PLUS: Memecoin pippin crashes

🏛️ Crypto finally gets its rulebook

After years of confusion, mixed signals and lawsuits, U.S. regulators are finally putting walls around crypto.

The SEC and CFTC have jointly issued one of their interpretative attempts to date on how crypto assets might fall under existing laws. And of course for an industry that for most of the past decade has been asking “what are we allowed to do?”, this is a big moment.

But that is not a complete resolution. It’s a framework.

What actually changed

Regulators are spelling out a basic system to classify crypto for the first time:

  1. Digital commodities

  2. Stablecoins

  3. Collectibles

  4. Utility-like tokens

  5. Digital securities

The key takeaway?

Not all cryptos are security 

Indeed, SEC Chair Paul Atkins will publicly affirm what much of the industry has asserted for years, that most tokens have no business being classified as securities.

Hard as that is to believe, it in itself represents a significant change of tone compared with the earlier “everything is a security” attitude.

The important nuance

The aspect that is more interesting is the flexibility of this framework.

The token can originate as a piece of a securities offering, and eventually migrate to a non-security asset. That really will depend on how the network develops and the way in which the token is used.

In simple terms:

👉 What it is today doesn’t dictate what it will be tomorrow

That’s new and it allows projects greater latitude to evolve without being permanently cornered.

Gray areas are finally being addressed

The guidance also addresses things that have languished in limbo for years:

  • Staking

  • Mining

  • Airdrops

  • Token wrapping

Regulators are reprising the case-by-case approach rather than imposing blanket rules. That depends on whether there’s an “investment contract.” Which is not ideal, but much more practical than it was.

Why this matters now

This isn’t happening in isolation.

It comes as:

  • Congress is considering wider crypto market structure legislation

  • The SEC is considering exemptions for startups

And both agencies are grappling to get aligned after years of overlap and conflict

Even Coinbase which battled the SEC over it way back in 2023 for clarity is calling this a step in the right direction.

So what’s really changed?

The biggest problem for years wasn’t regulation.

It was uncertainty.

Companies didn’t know:

Whether their token was a security, which agency they answered to or how rules might differ later. This doesn’t solve everything.

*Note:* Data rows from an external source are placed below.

Lemma shift_gact g u : shift (gact g u) = wact (shift u) (gsection (u 0) g).
Proof. by apply: functional_extensionality => k; rewrite /shift; case: g => /=; case: (u 0). Qed.

Lemma gact_succ g u k : gact g u k.+1 = wact (shift u) (gsection (u 0) g) k.
Proof. by rewrite -shift_gact. Qed.

Lemma wact_head u w : wact u w 0 = wfirst (u 0) w.
Proof. by elim: w u => [|g w IH] u //; rewrite wact_cons IH gact_head. Qed.

Lemma shift_wact u w : shift (wact u w) = wact (shift u) (wsection (u 0) w).
Proof.
elim: w u => [|g w IH] u //.
by rewrite wact_cons IH shift_gact gact_head /= wact_cat.
Qed.

Lemma wsection_cat x s t : wsection x (s ++ t) = wsection x s ++ wsection (wfirst x s) t.
Proof. by elim: s x => [|g s IH] x //=; rewrite IH catA. Qed.

Lemma wfirst_cat x s t : wfirst x (s ++ t) = wfirst (wfirst x s) t.
Proof. by elim: s x => [|g s IH] x //=. Qed.

Lemma wfirst_xor x s : wfirst x s = xorb x (wfirst false s).
Proof.
elim: s x => [|g s IH] x /=; first by case: x.
by rewrite IH [wfirst (gfirst false g) s]IH; case: g; case: x; case: (wfirst false s).
Qed.

Lemma wfirstK s : involutive (wfirst^~ s).
Proof. by move=> x; rewrite /= wfirst_xor [wfirst x s]wfirst_xor; case: x; case: (wfirst false s). Qed.

(* x is the first bit that w_1 ... w_i maps to 1 = rho 0. *)
Lemma orbpt_section w i :
  let x := wfirst true (take i w) in
  orbpt w i = pcons (wfirst x w) (orbpt (wsection x w) (size (wsection x (take i w)))).
Proof.
move=> x.
rewrite /orbpt {1}(point_eta (wact rho (drop i w))) shift_wact wact_head.
have Ew : w = take i w ++ drop i w by rewrite cat_take_drop.
have Hx : wfirst x (take i w) = true by rewrite /x wfirstK.
congr pcons; first by rewrite {2}Ew wfirst_cat Hx.
by rewrite {3}Ew wsection_cat Hx drop_size_cat.
Qed.

Lemma gact_rho g : ~~ isA g -> gact g rho = rho.
Proof.
move=> Hg; apply: functional_extensionality => n.
elim: n g Hg => [|k IH] g Hg; first by case: g Hg.
by rewrite gact_succ; case: g Hg => //= _; apply: IH.
Qed.

Lemma gact_aaK : involutive (gact Ga).
Proof. by move=> v; apply: functional_extensionality => -[|n] //=; rewrite negbK. Qed.

(* The product in the Klein four-group {1, b, c, d}, as a word of length <= 1. *)
Definition kprod (g h : gen) : seq gen :=
  match g, h with
  | Gb, Gc | Gc, Gb => [:: Gd]
  | Gb, Gd | Gd, Gb => [:: Gc]
  | Gc, Gd | Gd, Gc => [:: Gb]
  | _, _ => [::]
  end.

Lemma gact_kprod g h u : ~~ isA g -> ~~ isA h ->
  gact h (gact g u) = wact u (kprod g h).
Proof.
move=> Hg Hh; apply: functional_extensionality => n.
elim: n u g h Hg Hh => [|k IH] u g h Hg Hh; first by case: g Hg; case: h Hh.
rewrite gact_succ gact_head shift_gact.
have -> : gfirst (u 0) g = u 0 by case: g Hg.
case E: (u 0); case: g Hg; case: h Hh => //= _ _;
  rewrite ?gact_succ ?E //= ?gact_aaK //; exact: IH.
Qed.

(* Multiply out every maximal pair of adjacent letters from {b, c, d}. *)
Fixpoint reduce (w : seq gen) : seq gen :=
  if w is g :: w' then
    let m := reduce w' in
    if isA g then g :: m else
    if m is h :: m' then (if isA h then g :: m else kprod g h ++ m') else g :: m
  else [::].

Lemma wact_reduce u w : wact u (reduce w) = wact u w.
Proof.
elim: w u => [|g w IH] u //=.
case Hg: (isA g); first by rewrite !wact_cons IH.
case Em: (reduce w) => [|h m']; first by rewrite -Em !wact_cons IH.
case Hh: (isA h); first by rewrite -Em !wact_cons IH.
by rewrite wact_cat -gact_kprod ?Hg ?Hh // -IH Em wact_cons.
Qed.

Definition suffix_point (w : seq gen) (p : point) := exists2 i, i <= size w & p = orbpt w i.

Lemma suffix_point_cons g w p :
  suffix_point (g :: w) p <-> p = wact rho (g :: w) \/ suffix_point w p.
Proof.
split; first by case=> -[|i] Hi ->; [left | right; exists i].
by case=> [->|[i Hi ->]]; [exists 0 | exists i.+1].
Qed.

Lemma suffix_point_cat s t p : suffix_point t p -> suffix_point (s ++ t) p.
Proof.
case=> i Hi ->; exists (size s + i); first by rewrite size_cat leq_add2l.
by rewrite /orbpt drop_cat ltnNge leq_addr /= addKn.
Qed.

Lemma suffix_point_self t : suffix_point t (wact rho t).
Proof. by exists 0; rewrite /orbpt ?drop0. Qed.

(* Letters from {b, c, d} fix rho, so the suffix points lost by merging g h with g, h
   in {b, c, d} both equal the suffix point just after h. *)
Lemma suffix_point_reduce w p : suffix_point w p -> suffix_point (reduce w) p.
Proof.
elim: w p => [|g w IH] p //=.
move/suffix_point_cons => Hp.
have Hgm : suffix_point (g :: reduce w) p.
  apply/suffix_point_cons; case: Hp => [->|/IH]; last by right.
  by left; rewrite !wact_cons wact_reduce.
case Hg: (isA g) => //.
case Em: (reduce w) Hgm => [|h m'] Hgm //.
case Hh: (isA h) => //.
apply: suffix_point_cat.
have Hr : wact rho (h :: m') = wact rho m' by rewrite wact_cons gact_rho ?Hh.
move/suffix_point_cons: Hgm => [->|].
  by rewrite wact_cons gact_rho ?Hg // Hr; apply: suffix_point_self.
by move/suffix_point_cons => [->|//]; rewrite Hr; apply: suffix_point_self.
Qed.

(** * Counting suffix points *)

Section FirstOccurrences.
Variable T : Type.
Implicit Types (f : nat -> T) (M : seq T).

Definition first_occ f i : bool :=
  if excluded_middle_informative (forall j, j < i -> f j <> f i) then true else false.

Lemma count_first_occ_le f n M : (forall i, i < n -> List.In (f i) M) ->
  count (first_occ f) (iota 0 n) <= size M.
Proof.
elim: n M => [|n IH] M HM //.
rewrite -{1}addn1 iotaD count_cat /= addn0 {2}/first_occ.
case: excluded_middle_informative => Hnew /=; last first.
  by rewrite addn0; apply: IH => i Hi; apply: HM; apply: ltnW.
have [M1 [M2 EM]] := List.in_split _ _ (HM n (leqnn _)).
suff : count (first_occ f) (iota 0 n) <= size (M1 ++ M2).
  by rewrite EM !size_cat /=; lia.
apply: IH => i Hi; have := HM i (ltnW Hi); rewrite EM.
case/(List.in_elt_inv (f i) (f n) M1 M2) => // Ei.
by case: (Hnew i Hi).
Qed.

Lemma count_first_occ_cover f n : exists M,
  size M = count (first_occ f) (iota 0 n) /\ forall i, i < n -> List.In (f i) M.
Proof.
elim: n => [|n [M [HM Hcov]]]; first by exists [::].
rewrite -{1}addn1 iotaD count_cat /= addn0 {2}/first_occ.
case: excluded_middle_informative => Hnew /=.
  exists (f n :: M); split; first by rewrite /= HM addn1.
  move=> i; rewrite ltnS leq_eqVlt => /orP [/eqP ->|Hi]; first by left.
  by right; apply: Hcov.
exists M; split; first by rewrite HM addn0.
move=> i; rewrite ltnS leq_eqVlt => /orP [/eqP ->|]; last exact: Hcov.
apply: NNPP => Hout; apply: Hnew => j Hj Ej.
by apply: Hout; rewrite -Ej; apply: Hcov.
Qed.

End FirstOccurrences.

Lemma In_map (A B : Type) (f : A -> B) x (s : seq A) : List.In x s -> List.In (f x) (map f s).
Proof. by elim: s => //= y s IH [->|/IH]; [left | right]. Qed.

Lemma delta_first_occ w : delta w = count (first_occ (orbpt w)) (iota 0 (size w).+1).
Proof. by []. Qed.

Lemma delta_le_cover w (M : seq point) :
  (forall p, suffix_point w p -> List.In p M) -> delta w <= size M.
Proof.
move=> HM; rewrite delta_first_occ; apply: count_first_occ_le => i Hi.
by apply: HM; exists i.
Qed.

Lemma delta_cover w : exists M : seq point,
  size M = delta w /\ forall p, suffix_point w p -> List.In p M.
Proof.
have [M [HM Hcov]] := count_first_occ_cover (orbpt w) (size w).+1.
by exists M; rewrite delta_first_occ; split => // p [i Hi ->]; apply: Hcov.
Qed.

Lemma delta_le_size w : delta w <= (size w).+1.
Proof. by rewrite delta_first_occ; apply: leq_trans (count_size _ _) _; rewrite size_iota. Qed.

Lemma delta_le_reduce w : delta w <= delta (reduce w).
Proof.
have [M [<- Hcov]] := delta_cover (reduce w).
by apply: delta_le_cover => p /suffix_point_reduce; apply: Hcov.
Qed.

Lemma delta_le_sections w :
  delta w <= delta (reduce (wsection true w)) + delta (reduce (wsection false w)).
Proof.
have [Mt [<- Ht]] := delta_cover (reduce (wsection true w)).
have [Mf [<- Hf]] := delta_cover (reduce (wsection false w)).
have -> : size Mt + size Mf =
    size (map (pcons (wfirst true w)) Mt ++ map (pcons (wfirst false w)) Mf).
  by rewrite size_cat !size_map.
apply: delta_le_cover => _ [i Hi ->]; rewrite orbpt_section.
set x := wfirst true (take i w).
have Hp : suffix_point (reduce (wsection x w)) (orbpt (wsection x w) (size (wsection x (take i w)))).
  apply: suffix_point_reduce; eexists; last by [].
  by rewrite -{2}(cat_take_drop i w) wsection_cat size_cat leq_addr.
apply/List.in_app_iff; case: x Hp => Hp; [left | right].
  exact: In_map (Ht _ Hp).
exact: In_map (Hf _ Hp).
Qed.

(** * Reduced words and weights *)

Definition headA (w : seq gen) : bool := if w is h :: _ then isA h else true.

Fixpoint reduced (w : seq gen) : bool :=
  if w is g :: w' then (isA g || headA w') && reduced w' else true.

Lemma reduced_reduce w : reduced (reduce w).
Proof.
elim: w => [|g w IH] //=.
case Hg: (isA g); first by rewrite /= Hg IH.
case Em: (reduce w) IH => [|h m'] IH; first by rewrite /= orbT.
case Hh: (isA h); first by move: IH; rewrite /= Hh !orbT.
move: IH; rewrite /= Hh /= => /andP [Hm' Hr].
by clear Em; case: g Hg; case: h Hh => //= _ _; rewrite Hm' Hr ?orbT.
Qed.

Lemma size_kprod g h : size (kprod g h) <= 1.
Proof. by case: g; case: h. Qed.

Lemma size_reduce w : size (reduce w) <= size w.
Proof.
elim: w => [|g w IH] //=.
case Hg: (isA g) => //=.
case Em: (reduce w) IH => [|h m'] IH //.
case Hh: (isA h) => //=.
by move: IH; rewrite size_cat /=; have := size_kprod g h; lia.
Qed.

Lemma size_wsection x w : size (wsection x w) <= count (predC isA) w.
Proof.
elim: w x => [|g w IH] x //=; rewrite size_cat.
by have := IH (gfirst x g); case: g; case: x => /=; lia.
Qed.

Lemma count_reduced w : reduced w -> count (predC isA) w <= count isA w + ~~ headA w.
Proof.
elim: w => [|g w IH] //= /andP [Hgw Hw].
by have := IH Hw; case: g Hgw => /=; case: (headA w) => //= _; lia.
Qed.

Lemma count_nonA_le w : reduced w -> count (predC isA) w <= (count isA w).+1.
Proof. by move=> Hw; have := count_reduced Hw; case: (headA w) => /=; lia. Qed.

Lemma count_nonA_lt w : reduced w -> 1 < size w -> count (predC isA) w < size w.
Proof.
move=> Hw Hs; have := count_reduced Hw.
have := count_predC isA w.
by case: (headA w) => /=; lia.
Qed.

Local Close Scope nat_scope.
Local Open Scope R_scope.

Lemma INR_count_cons (T : Type) (P : pred T) x s :
  INR (count P (x :: s)) = (if P x then 1 else 0) + INR (count P s).
Proof. by rewrite [count _ _]/=; case: (P x); rewrite ?add1n ?add0n ?S_INR; ring. Qed.

Section Weights.
Variable e : R.
Hypothesis e_cubic : e ^ 3 + e ^ 2 + e - 2 = 0.

Definition lweight (g : gen) : R :=
  match g with Ga => 1 - e ^ 3 | Gb => e ^ 3 | Gc => 1 - e ^ 2 | Gd => 1 - e end.

Fixpoint weight (w : seq gen) : R := if w is g :: w' then lweight g + weight w' else 0.

Lemma weight_cat s t : weight (s ++ t) = weight s + weight t.
Proof. by elim: s => [|g s IH] /=; [ring | rewrite IH; ring]. Qed.

Lemma lweight_bounds g : 1 - e <= lweight g <= 1.
Proof. by have [[? ?] ?] := cubic_root_bounds e_cubic; case: g => /=; nra. Qed.

Lemma weight_kprod g h : ~~ isA g -> ~~ isA h -> weight (kprod g h) <= lweight g + lweight h.
Proof. by have [[? ?] ?] := cubic_root_bounds e_cubic; case: g; case: h => //= _ _; nra. Qed.

Lemma weight_reduce w : weight (reduce w) <= weight w.
Proof.
elim: w => [|g w IH] /=; first lra.
case Hg: (isA g); first by rewrite /=; lra.
case Em: (reduce w) IH => [|h m'] /= IH; first lra.
case Hh: (isA h); first by rewrite /=; lra.
rewrite weight_cat; have := weight_kprod (negbT Hg) (negbT Hh); lra.
Qed.

Lemma weight_size w : (1 - e) * INR (size w) <= weight w <= INR (size w).
Proof.
elim: w => [|g w IH]; first by rewrite /=; lra.
by rewrite [weight _]/= [size _]/= S_INR; have := lweight_bounds g; lra.
Qed.

Lemma weight_ge0 w : 0 <= weight w.
Proof.
have [[? ?] _] := cubic_root_bounds e_cubic.
have := weight_size w; have := pos_INR (size w); nra.
Qed.

Lemma weight_gsection x g : weight (gsection x g) + weight (gsection (~~ x) g) =
  e * lweight g + (if isA g then - (e * (1 - e ^ 3)) else e * (1 - e ^ 3)).
Proof.
have e_quartic : e * (e ^ 3 + e ^ 2 + e - 2) = 0 by rewrite e_cubic; ring.
by case: g; case: x => /=; nra.
Qed.

Lemma weight_wsection x w :
  weight (wsection x w) + weight (wsection (~~ x) w) + e * (1 - e ^ 3) * INR (count isA w) =
  e * (weight w + (1 - e ^ 3) * INR (count (predC isA) w)).
Proof.
elim: w x => [|g w IH] x; first by rewrite /=; ring.
rewrite [wsection x _]/= [wsection (~~ x) _]/= [weight (g :: w)]/= !weight_cat !INR_count_cons.
have -> : gfirst (~~ x) g = ~~ gfirst x g by case: g; case: x.
have := IH (gfirst x g); have := weight_gsection x g.
by case Hg: (isA g) => /=; rewrite ?Hg /=; nra.
Qed.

But it does something important:

👉 It shifts crypto regulation from enforcement-was-first to enforcing-a-framework-second

The bigger picture

Crypto didn’t get full clarity. But it finally got something resembling a common language between regulators and the industry.

And that in itself alters how companies build, how investors allocate and how capital flows into the space.

The question now is simple:

Will this framework unlock innovation or merely redraw the lines of control?

POLL: Do you think crypto finally has enough regulatory clarity in the U.S.?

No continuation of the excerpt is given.